Люба, Люба… Работала она с остервенением. Это была ее собственная война. Воевала она с равнодушными комсомольцами и приспособленцами, с хиппи и металлистами, с гопниками и пьяницами, с карьеристами и циниками, с баптистами и православными, с подлецами и трусами — всех не перечесть! Похоже она воевала со всем миром. За что? Как-то раз я спросил ее об этом.

— За коммунизм, — прозвучал ответ. Что тут скажешь? Я не сказал ничего.

А расстались мы окончательно после ожесточенной стычки из-за ерунды. Просто я не люблю, когда оскорбляют мою любимую, лучшую в мире группу «Дип Перпл», а Люба посмела поставить «Самоцветы» выше! Да еще назвала Гилана длинноволосым гопником!

— Орет, как зарезанный, а музыки — ноль! Терпеть не могу.

— Ну и слушай своего Кобзона! «И вновь продолжается бой!» Революция — это боль и страдания, разруха!

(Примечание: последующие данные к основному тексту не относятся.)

Inductive sub : ctx -> typ -> typ -> Prop :=
| S_Var : forall G n U, nth_error G n = Some (BSub U) ->
    sub G (TVar n) (tshift (S n) 0 U)
| S_Top : forall G T, sub G T TTop
| S_Refl : forall G T, sub G T T
| S_Trans : forall G S U T, sub G S U -> sub G U T -> sub G S T
| S_Arr : forall G S S' T T', sub G S' S -> sub G T T' -> sub G (TArr S T) (TArr S' T')
| S_AllFun : forall G S T T', sub (BSub S :: G) T T' -> sub G (TAllK S T) (TAllK S T')
| S_AllLoc : forall G S0 S1 T0 T1, sub G T0 S0 -> sub (BSub S0 :: G) S1 T1 ->
    sub G (TAllK S0 S1) (TAllT T0 T1)
| S_AllTop : forall G S0 S1 T0 T1, sub G T0 S0 -> sub (BSub TTop :: G) S1 T1 ->
    sub G (TAllT S0 S1) (TAllT T0 T1).

(* Typing. In the lambda rule, the body type T of the conclusion lives in G;
   in the premise (context extended by x:S) it appears shifted by one. *)
Inductive typing : ctx -> term -> typ -> Prop :=
| T_Top : forall G, typing G ttop TTop
| T_Var : forall G n U, nth_error G n = Some (BTyp U) -> typing G (tvar n) (tshift (S n) 0 U)
| T_Sub : forall G t T T', typing G t T -> sub G T T' -> typing G t T'
| T_Abs : forall G S t T, typing (BTyp S :: G) t (tshift 1 0 T) -> typing G (tabs S t) (TArr S T)
| T_App : forall G r s S T, typing G r (TArr S T) -> typing G s S -> typing G (tapp r s) T
| T_TAbs : forall G S t T, typing (BSub S :: G) t T -> typing G (ttabs S t) (TAllK S T)
| T_TApp : forall G t S T S', typing G t (TAllT S T) -> sub G S' S ->
    typing G (ttapp t S') (topen T S').

(* Theta^*(T): promotion of a type variable to its (iterated) upper bound. *)
Fixpoint expose (G : ctx) (T : typ) : typ :=
  match T with
  | TVar n =>
      match G with
      | [] => T
      | b :: G' =>
          match n with
          | 0 => match b with
                 | BSub U => tshift 1 0 (expose G' U)
                 | BTyp _ => T
                 end
          | S m => tshift 1 0 (expose G' (TVar m))
          end
      end
  | _ => T
  end.

Inductive mtyping : ctx -> term -> typ -> Prop :=
| M_Var : forall G n U, nth_error G n = Some (BTyp U) -> mtyping G (tvar n) (tshift (S n) 0 U)
| M_Top : forall G, mtyping G ttop TTop
| M_Abs : forall G S t T, mtyping (BTyp S :: G) t (tshift 1 0 T) -> mtyping G (tabs S t) (TArr S T)
| M_App : forall G r s R S S' T, mtyping G r R -> mtyping G s S -> sub G S S' ->
    expose G R = TArr S' T -> mtyping G (tapp r s) T
| M_TAbs : forall G S t T, mtyping (BSub S :: G) t T -> mtyping G (ttabs S t) (TAllK S T)
| M_TApp : forall G r R S S' T, mtyping G r R -> sub G S S' ->
    (expose G R = TAllK S' T \/ expose G R = TAllT S' T) ->
    mtyping G (ttapp r S) (topen T S).

(* Soundness: every minimal-typing rule is a derived typing rule, because
   R <: Theta^*(R) and forall^K (X <: S). T <: forall^Top (X <: S). T.
   Completeness, by induction on the typing derivation: subsumption is absorbed
   into the trailing subtyping, and the two elimination rules rely on inversion
   of subtyping at an exposed type: if A <: B and Theta^*(B) is an arrow
   (a quantifier), then so is Theta^*(A), with componentwise related domains
   and codomains (bodies).  In the abstraction case the minimal type of the
   body is well formed, so it does not mention the abstracted term variable and
   can be moved out of its scope. *)

From Stdlib Require Import Arith List Lia.

Definition upren (xi : nat -> nat) (n : nat) : nat :=
  match n with 0 => 0 | S m => S (xi m) end.

Fixpoint ren (xi : nat -> nat) (T : typ) : typ :=
  match T with
  | TTop => TTop
  | TVar n => TVar (xi n)
  | TArr A B => TArr (ren xi A) (ren xi B)
  | TAllK A B => TAllK (ren xi A) (ren (upren xi) B)
  | TAllT A B => TAllT (ren xi A) (ren (upren xi) B)
  end.

Definition up (s : nat -> typ) (n : nat) : typ :=
  match n with 0 => TVar 0 | S m => ren S (s m) end.

Fixpoint inst (s : nat -> typ) (T : typ) : typ :=
  match T with
  | TTop => TTop
  | TVar n => s n
  | TArr A B => TArr (inst s A) (inst s B)
  | TAllK A B => TAllK (inst s A) (inst (up s) B)
  | TAllT A B => TAllT (inst s A) (inst (up s) B)
  end.

Definition subst0 (S0 : typ) (n : nat) : typ :=
  match n with 0 => S0 | S m => TVar m end.

Lemma ren_ext : forall T xi zeta, (forall n, xi n = zeta n) -> ren xi T = ren zeta T.
Proof.
  induction T; intros xi zeta H; simpl; f_equal; auto;
    apply IHT2; intros [|n]; simpl; auto.
Qed.
Record DbarModule := {
  dop : int -> {linear M -> M};
  hop : int -> {linear M -> M};
  c1op : {linear M -> M};
  c2op : {linear M -> M};
  c3op : {linear M -> M};
  dd_rel : forall (m n : int) (v : M),
    dop m (dop n v) - dop n (dop m v)
    = (m - n)%:~R *: dop (m + n) v
      + (delta0 (m + n) * ((m ^+ 3 - m)%:~R / 12%:R)) *: c1op v;
  dh_rel : forall (m r : int) (v : M),
    dop m (hop r v) - hop r (dop m v)
    = (- r)%:~R *: hop (m + r) v
      + (delta0 (m + r) * (m ^+ 2 + m)%:~R) *: c2op v;
  hh_rel : forall (r s : int) (v : M),
    hop r (hop s v) - hop s (hop r v) = (r%:~R * delta0 (r + s)) *: c3op v;
  c1_central : (forall m v, c1op (dop m v) = dop m (c1op v))
            /\ (forall r v, c1op (hop r v) = hop r (c1op v))
            /\ (forall v, c1op (c2op v) = c2op (c1op v))
            /\ (forall v, c1op (c3op v) = c3op (c1op v));
  c2_central : (forall m v, c2op (dop m v) = dop m (c2op v))
            /\ (forall r v, c2op (hop r v) = hop r (c2op v))
            /\ (forall v, c2op (c3op v) = c3op (c2op v));
  c3_central : (forall m v, c3op (dop m v) = dop m (c3op v))
            /\ (forall r v, c3op (hop r v) = hop r (c3op v))
}.

Variable A : DbarModule.

Definition in_line (v w : M) : Prop := exists a : F, w = a *: v.

Definition in_span (ws : seq M) (x : M) : Prop :=
  exists a : 'I_(size ws) -> F, x = \sum_(i < size ws) a i *: ws`_i.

— Это муки рождения нового!

— Так пожелай женщине эти бесконечные муки и увидишь, что она тебе ответит! А ваше счастье? Это — борьба?! Счастье не может быть в борьбе, борьба — это вынужденная необходимость. Счастье — это мир, покой…

— Комфорт.

— Да хотя бы и комфорт.

— Вот ты и раскрылся! Индивидуалист. Как ты можешь работать в комсомольской газете после этого? Ты же двурушник!

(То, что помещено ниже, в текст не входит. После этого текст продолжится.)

(* Let $M,N\in\mathbb{S}^{q+r}$. If there exists a real $\alpha\ge 0$ such that $M-\alpha N>0$, then $\mathcal{Z}_r(N)\subseteq\mathcal{Z}_r^+(M)$. Moreover, if $N\in\boldsymbol{\Pi}_{q,r}$ and $N_{22}<0$, then $\mathcal{Z}_r(N)\subseteq\mathcal{Z}_r^+(M)$ if and only if there exists a real $\alpha\ge 0$ such that $M-\alpha N>0$.
   Context: $\mathbb{S}^k$ denotes the real symmetric $k\times k$ matrices; for symmetric matrices, $A\ge 0$ ($A>0$) means positive semidefinite (definite), $A<0$ negative definite. $A^\dagger$ is the Moore–Penrose pseudo-inverse. Any $N\in\mathbb{S}^{q+r}$ is partitioned as $N=\begin{bmatrix}N_{11}&N_{12}\\ N_{21}&N_{22}\end{bmatrix}$ with $N_{11}\in\mathbb{S}^q$, $N_{22}\in\mathbb{S}^r$. The generalized Schur complement is $N\mid N_{22}:=N_{11}-N_{12}N_{22}^\dagger N_{21}$. The set $\boldsymbol{\Pi}_{q,r}$ consists of all $N\in\mathbb{S}^{q+r}$ with $N_{22}\le 0$, $N\mid N_{22}\ge 0$ and $\ker N_{22}\subseteq\ker N_{12}$. Define $\mathcal{Z}_r(\Pi)=\{Z\in\mathbb{R}^{r\times q}:\begin{bmatrix}I_q\\ Z\end{bmatrix}^\top\Pi\begin{bmatrix}I_q\\ Z\end{bmatrix}\ge 0\}$ and $\mathcal{Z}_r^+(\Pi)$ the same with $>0$. *)

From HB Require Import structures.
From mathcomp Require Import all_boot all_order all_algebra.
From mathcomp Require Import boolp classical_sets reals.
Set Implicit Arguments. Unset Strict Implicit. Unset Printing Implicit Defensive.
Import Order.TTheory GRing.Theory Num.Theory.
Local Open Scope ring_scope.

Section Defs.
Variable R : realType.

Definition symmx n (A : 'M[R]_n) : Prop := A^T = A.
Definition psdmx n (A : 'M[R]_n) : Prop :=
  forall x : 'cV[R]_n, 0 <= (x^T *m A *m x) 0 0.
Definition pdmx n (A : 'M[R]_n) : Prop :=
  forall x : 'cV[R]_n, x != 0 -> 0 < (x^T *m A *m x) 0 0.
Definition ndmx n (A : 'M[R]_n) : Prop :=
  forall x : 'cV[R]_n, x != 0 -> (x^T *m A *m x) 0 0 < 0.

Definition is_mpinv m n (A : 'M[R]_(m, n)) (X : 'M[R]_(n, m)) : Prop :=
  [/\ A *m X *m A = A, X *m A *m X = X,
      (A *m X)^T = A *m X & (X *m A)^T = X *m A].
(* Moore-Penrose pseudo-inverse (the unique matrix satisfying the Penrose conditions) *)
Definition mpinv m n (A : 'M[R]_(m, n)) : 'M[R]_(n, m) :=
  xget 0 [set X | is_mpinv A X].
(* Let $\mathcal{E}$ be a finite nonempty set (of domains), let $h\ge 1$, let $\theta^{*}\in\mathbb{R}^{h}$, and let $\epsilon>0$. For each $e\in\mathcal{E}$ let $\mathcal{R}_{e}:\mathbb{R}^{h}\to\mathbb{R}$ be a function (the risk on domain $e$) satisfying the quadratic bowl assumption: for all $\theta\in\mathbb{R}^h$, $$\mathcal{R}_{e}(\theta)=\mathcal{R}_{e}(\theta^{*})+\tfrac12(\theta-\theta^{*})^{\top}H_{e}(\theta-\theta^{*}),$$ where $H_{e}$ is a symmetric positive definite $h\times h$ matrix with eigenvalues $\lambda_{1}^{e}\ge\cdots\ge\lambda_{h}^{e}>0$. For $A\in\mathcal{E}$, let $N_{A,\theta^{*}}^{\epsilon}$ denote the largest path-connected subset of $\mathbb{R}^h$ containing $\theta^*$ on which $|\mathcal{R}_{A}(\theta)-\mathcal{R}_{A}(\theta^{*})|\le\epsilon$ (i.e. the path-connected component of $\theta^*$ in $\{\theta : |\mathcal{R}_{A}(\theta)-\mathcal{R}_{A}(\theta^{*})|\le\epsilon\}$). For $(A,B)\in\mathcal{E}^2$ define $$\mathcal{I}^{\epsilon}(A,B)=\max_{\theta\in N_{A,\theta^{*}}^{\epsilon}}\left|\mathcal{R}_{B}(\theta)-\mathcal{R}_{A}(\theta^{*})\right|,\qquad R(A,B)=\mathcal{R}_{B}(\theta^{*})-\mathcal{R}_{A}(\theta^{*}),$$ $$H^{\epsilon}(A,B)=\max_{\theta:\ \frac12(\theta-\theta^{*})^{\top}H_{A}(\theta-\theta^{*})\le\epsilon}\ \tfrac12(\theta-\theta^{*})^{\top}H_{B}(\theta-\theta^{*}).$$ Suppose that for all $(A,B)\in\mathcal{E}^2$ with $R(A,B)<0$ we have $$\epsilon\le -R(A,B)\times\frac{\lambda_{h}^{A}}{\lambda_{1}^{B}}.$$ Then $$\max_{(A,B)\in\mathcal{E}^2}\mathcal{I}^{\epsilon}(A,B)=\max_{(A,B)\in\mathcal{E}^2}\bigl(R(A,B)+H^{\epsilon}(A,B)\bigr).$$
   Context: $\mathcal{I}^{\epsilon}(A,B)$ is called the inconsistency between domains $A$ and $B$ around $\theta^*$; $\lambda_1^{B}$ denotes the largest eigenvalue of $H_B$ and $\lambda_h^{A}$ the smallest eigenvalue of $H_A$. *)

From HB Require Import structures.
From mathcomp Require Import all_boot all_order all_algebra.
From mathcomp Require Import all_classical all_reals all_analysis.
Set Implicit Arguments. Unset Strict Implicit. Unset Printing Implicit Defensive.
Import Order.TTheory GRing.Theory Num.Theory.
Import numFieldNormedType.Exports.
Local Open Scope classical_set_scope.
Local Open Scope ring_scope.

Definition qform (R : realType) (h : nat) (M : 'M[R]_h) (v : 'rV[R]_h) : R :=
  (v *m M *m v^T) 0 0.

Definition symmetric_mx (R : realType) (h : nat) (M : 'M[R]_h) : Prop := M^T = M.

Definition posdef_mx (R : realType) (h : nat) (M : 'M[R]_h) : Prop :=
  forall v : 'rV[R]_h, v != 0 -> 0 < qform M v.

Definition largest_eigenvalue (R : realType) (h : nat) (M : 'M[R]_h) (l : R) : Prop :=
  eigenvalue M l /\ forall a, eigenvalue M a -> a <= l.
Definition smallest_eigenvalue (R : realType) (h : nat) (M : 'M[R]_h) (l : R) : Prop :=
  eigenvalue M l /\ forall a, eigenvalue M a -> l <= a.

Definition path_in (R : realType) (h : nat) (S : set 'rV[R]_h) (x y : 'rV[R]_h) : Prop :=
  exists g : R -> 'rV[R]_h,
    {within `[0, 1], continuous g} /\ g 0 = x /\ g 1 = y /\
    (forall t, t \in `[0, 1] -> S (g t)).

Definition path_component (R : realType) (h : nat) (S : set 'rV[R]_h) (x : 'rV[R]_h)
  : set 'rV[R]_h := [set y | path_in S x y].

Definition is_max (R : realType) (S : set R) (m : R) : Prop :=
  S m /\ forall x, S x -> x <= m.

Section Defs.
Variables (R : realType) (E : finType) (h : nat) (Risk : E -> 'rV[R]_h -> R)
  (H : E -> 'M[R]_h) (thetas : 'rV[R]_h) (eps : R).

Definition Nset (A : E) : set 'rV[R]_h :=
  path_component [set th | `|Risk A th - Risk A thetas| <= eps] thetas.

Definition Iset (A B : E) : set R :=
  [set `|Risk B th - Risk A thetas| | th in Nset A].

Definition Ieps (A B : E) : R := sup (Iset A B).

Definition Rdiff (A B : E) : R := Risk B thetas - Risk A thetas.

Definition Hset (A B : E) : set R :=
  [set (1/2) * qform (H B) (th - thetas) |
     th in [set th | (1/2) * qform (H A) (th - thetas) <= eps]].

Definition Heps (A B : E) : R := sup (Hset A B).
End Defs.

From HB Require Import structures.
From mathcomp Require Import all_boot all_order all_algebra.
From mathcomp Require Import all_classical all_reals all_analysis.
From mathcomp Require Import ring lra.
Import Order.TTheory GRing.Theory Num.Theory.
Set Implicit Arguments. Unset Strict Implicit. Unset Printing Implicit Defensive.
Import numFieldNormedType.Exports.
Local Open Scope classical_set_scope.
Local Open Scope ring_scope.

(* Under the quadratic bowl assumption the sublevel set defining N^eps_A is the
   ellipsoid {1/2 q_A(th - th* ) <= eps}; it is star-shaped around th*, so it is
   its own path component.  Hence I^eps(A,B) is the maximum of |R(A,B) + x| over
   the values x in [0, H^eps(A,B)] of 1/2 q_B on that ellipsoid: it is
   R(A,B) + H^eps(A,B) if R(A,B) >= 0, and -R(A,B) otherwise, because the
   Rayleigh bounds lam_h^A |v|^2 <= q_A(v) and q_B(v) <= lam_1^B |v|^2 together
   with the hypothesis on eps give H^eps(A,B) <= -R(A,B).  As R(B,A) = -R(A,B),
   each value -R(A,B) is dominated by R(B,A) + H^eps(B,A); conversely the largest
   R + H^eps is at least H^eps(A,A) >= 0 and is therefore itself a value of
   I^eps.  The Rayleigh bounds come from maximizing q on the compact unit
   sphere: a maximizer is an eigenvector, by a first-variation argument. *)

Section QuadraticForm.
Variables (R : realType) (n : nat).
Implicit Types (M N : 'M[R]_n) (u v : 'rV[R]_n).

Definition sqnorm v : R := \sum_j v 0 j ^+ 2.

Lemma qform1 v : qform 1%:M v = sqnorm v.
Proof. by rewrite /qform mulmx1 mxE; apply: eq_bigr => j _; rewrite mxE expr2. Qed.

Lemma sqnorm_ge0 v : 0 <= sqnorm v.
Proof. by apply: sumr_ge0 => j _; exact: sqr_ge0. Qed.

Lemma sqr_coord_le_sqnorm v j : v 0 j ^+ 2 <= sqnorm v.
Proof.
by rewrite /sqnorm (bigD1 j) //= lerDl; apply: sumr_ge0 => i _; exact: sqr_ge0.
Qed.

Тут я струхнул. Шел 1984 год. Андропов — Черненко. До перестройки еще год. Двурушник — это серьезно.

— Ладно, погорячились и будет. Никакой я не двурушник и не индивидуалист, а на мнение свое право имею.

Люба пылала. От возмущения. От презрения! Я не мог поверить, что женщина, которая лежала голая в моей кровати, способна меня возненавидеть из-за Карла Маркса или Розы Люксембург!

Закончилось все тем, что слухи о моем нигилизме дошли до моего начальства. В газете начали меня чураться. Я затаился, но понял, что карьеру журналиста мне сделать не удастся. А тут встретился мне старый корешок, который работал в районном угро, куда я и ушел…

А Люба? Кое-что я о ней слышал через общих знакомых. Перестройку она встретила с энтузиазмом, но, как всякий истинно верующий коммунист, быстро разочаровалась, ушла в оппозицию…

Жизнь наносила ей удар за ударом. Люба запила. Я не мог поверить, но — точно, стала пить, особенно после неудавшегося путча. Работала урывками. Замуж не вышла. Детей не родила. Нашли ее в квартире спустя неделю после того, как она перестала отвечать на звонки. На столике лежал томик Ленина — последняя книга, в которой она пыталась найти утешение. Нашла ли?